After 16 months of debate and public meetings, large-scale industrial wind turbines have been officially banned by Mason County commissioners.
The action came Tuesday at a special meeting of Mason County Fiscal Court. During the meeting, the 26-page ordinance was given final approval to restrict large-scale turbines from any area of the county other than heavy industrial zones.
Those heavy industrial zones are located in the areas of East Kentucky Power Cooperative’s Spurlock station and the Carmeuse Lime and Stone mine in eastern Mason County.
The debate over the possible location of a wind turbine farm in May’s Lick divided the community and caused two companies, Duke Energy Renewables and NextEra Energy Resources to officially discontinued potential wind turbine projects in the county in May of this year.

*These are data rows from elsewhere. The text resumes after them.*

(* Let $\mathbf{d}=(d_1\ge d_2\ge\cdots\ge d_n)$ be a zero-free graphical degree sequence. Consider the following procedure applied to $\mathbf{d}$: (1) If $d_1\ge n-2$ or $d_n\ge\lfloor n/2\rfloor$, return True. (2) Otherwise, if $d_1=d_n$, return False. (3) Otherwise, let $s_u=\max\{s: s<n-d_{s+1}\}$. If there exists an integer $s$ with $d_1+1\le s\le s_u$ such that both $(d_1,\dots,d_s)$ and $(d_{s+1},\dots,d_n)$ are graphical, return False. (4) Otherwise, for each integer $l$ from $d_n+1$ to $\min\{\lfloor n/2\rfloor,\, n-d_1-1\}$: if $d_{n+1-l}<l$, let $m=\min\{i: d_i<l\}$; if moreover $l\le n-m$, then for every choice of $l$ indices from $\{m,m+1,\dots,n\}$, let $\mathbf{s_1}$ be the subsequence of $\mathbf{d}$ at these indices and $\mathbf{s_2}$ the subsequence of $\mathbf{d}$ at the remaining $n-l$ indices; if $\mathbf{s_1}$ and $\mathbf{s_2}$ both have even sum and are both graphical, return False. (5) If the procedure has not returned, return True. Then this procedure returns True if and only if $\mathbf{d}$ is forcibly connected.
   Context: A graphical degree sequence of length $n$ is a non-increasing sequence of non-negative integers that is the vertex degree sequence of some simple graph (finite, undirected, no loops or multiple edges) on $n$ vertices; such a graph is a realization of the sequence. A finite sequence of non-negative integers is called graphical if, when sorted in non-increasing order, it is a graphical degree sequence. A sequence is zero-free if all its terms are positive. A graphical degree sequence is forcibly connected if every one of its realizations is a connected graph. *)

From mathcomp Require Import all_boot.
Set Implicit Arguments. Unset Strict Implicit. Unset Printing Implicit Defensive.

Definition simple_graph (n : nat) (e : rel 'I_n) : Prop :=
  (forall i j, e i j = e j i) /\ (forall i, ~~ e i i).

Definition deg (n : nat) (e : rel 'I_n) (i : 'I_n) : nat := #|[set j | e i j]|.

Definition realization (d : seq nat) (e : rel 'I_(size d)) : Prop :=
  simple_graph e /\ forall i : 'I_(size d), deg e i = nth 0 d i.

Definition graphical_degree_seq (d : seq nat) : Prop :=
  sorted geq d /\ exists e : rel 'I_(size d), realization e.

Definition graphical (s : seq nat) : Prop := graphical_degree_seq (sort geq s).

Definition zero_free (d : seq nat) : bool := all (fun x => 0 < x) d.

Definition graph_connected (n : nat) (e : rel 'I_n) : Prop :=
  forall i j : 'I_n, connect e i j.

Definition forcibly_connected (d : seq nat) : Prop :=
  forall e : rel 'I_(size d), realization e -> graph_connected e.

(* 1-based access d_i *)
Definition D (d : seq nat) (i : nat) : nat := nth 0 d i.-1.

Definition s_u (d : seq nat) : nat :=
  \max_(s < size d | s < size d - D d s.+1) (s : nat).

Definition step1 (d : seq nat) : Prop :=
  size d - 2 <= D d 1 \/ (size d)./2 <= D d (size d).

Definition step3 (d : seq nat) : Prop :=
  exists s, [/\ D d 1 + 1 <= s, s <= s_u d,
                graphical (take s d) & graphical (drop s d)].

(* m = min { i : d_i < l } (1-based) *)
Definition m_index (d : seq nat) (l : nat) : nat := (find (fun x => x < l) d).+1.

Definition subseq_at (d : seq nat) (I : {set 'I_(size d)}) : seq nat :=
  [seq nth 0 d (nat_of_ord i) | i <- enum I].

Definition step4 (d : seq nat) : Prop :=
  let n := size d in
  exists l, [/\ D d n + 1 <= l, l <= minn n./2 (n - D d 1 - 1),
     D d (n.+1 - l) < l,
     l <= n - m_index d l &
     exists I : {set 'I_n},
       [/\ #|I| = l,
           (forall i : 'I_n, i \in I -> m_index d l <= (i : nat).+1),
           ~~ odd (sumn (subseq_at I)) /\ ~~ odd (sumn (subseq_at (~: I))),
           graphical (subseq_at I) & graphical (subseq_at (~: I))]].

Definition procedure_true (d : seq nat) : Prop :=
  step1 d \/ (~ step1 d /\ D d 1 <> D d (size d) /\ ~ step3 d /\ ~ step4 d).

From mathcomp Require Import all_boot zify.
Set Implicit Arguments. Unset Strict Implicit. Unset Printing Implicit Defensive.

(* A realization of d is disconnected exactly when its vertex set splits into
   two nonempty parts B and ~: B, each carrying a simple graph that realizes the
   degrees there.  Given such a split with l = |B| <= n/2, every degree in B is
   below l and every degree outside B is below n - l; as d is zero-free this
   rules out step (1), and it puts B inside the tail of indices i with d_i < l,
   which starts at m.  If B is that whole tail, step (3) succeeds with s = m - 1;
   otherwise step (4) succeeds with l and the index set B.  Conversely, steps (3)
   and (4) exhibit such a split, and when d is constant equal to k with
   2k + 2 <= n, k-regular circulant graphs on k + 1 and on n - k - 1 vertices
   side by side form a disconnected realization. *)

Definition realizable_on (V : finType) (A : {set V}) (f : V -> nat) : Prop :=
  exists e : rel V, [/\ symmetric e, irreflexive e,
    (forall x y, e x y -> x \in A) & {in A, forall x, #|[set y | e x y]| = f x}].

Ordinance 14-09 is based on the facts and findings of the Mason County Joint Planning Commission. The recommendations were the culmination of months of discussion, public meetings and a trip to an Indiana wind farm by JPC board members.
In summary, the ordinance will ban large-scale industrial wind turbines in the county, except in already designated industrial zones. The ordinance will allow mid to small scale turbines for accessory use at a principal site, not for the purpose of sending the energy across electric transmission lines.
The Maysville Board of Commissioners has also taken steps to approve its own ordinance, adopted from the same JPC findings, to prohibit large scale industrial wind turbines within the city.
Although city officials haven’t given final approval to the city ordinance, that action is expected to take place at the Oct. 13 meeting, Tuesday’s action by the fiscal court virtually guarantees the ban because city commissioners are not expected to vote against the findings of the Joint Planning Commission.
County commissioners also gave final approve to Ordinance 14-10 banning residential treatment centers from locating in agricultural areas of the county. The ordinance also puts more restrictions on impound lots and salvage yards.
The matter of a residential treatment center locating in the county came before the Joint Planning Commission last month after Minerva residents learned a private company was considering locating in the community.
The JPC amended the language of its Land Use Management ordinance to exclude such facilities from locating in agricultural areas of Mason County, limiting them to general business and light industrial zones.
The Maysville Board of Commissioners is expected to give final approval to a similar ordinance during the October meeting of commissioners.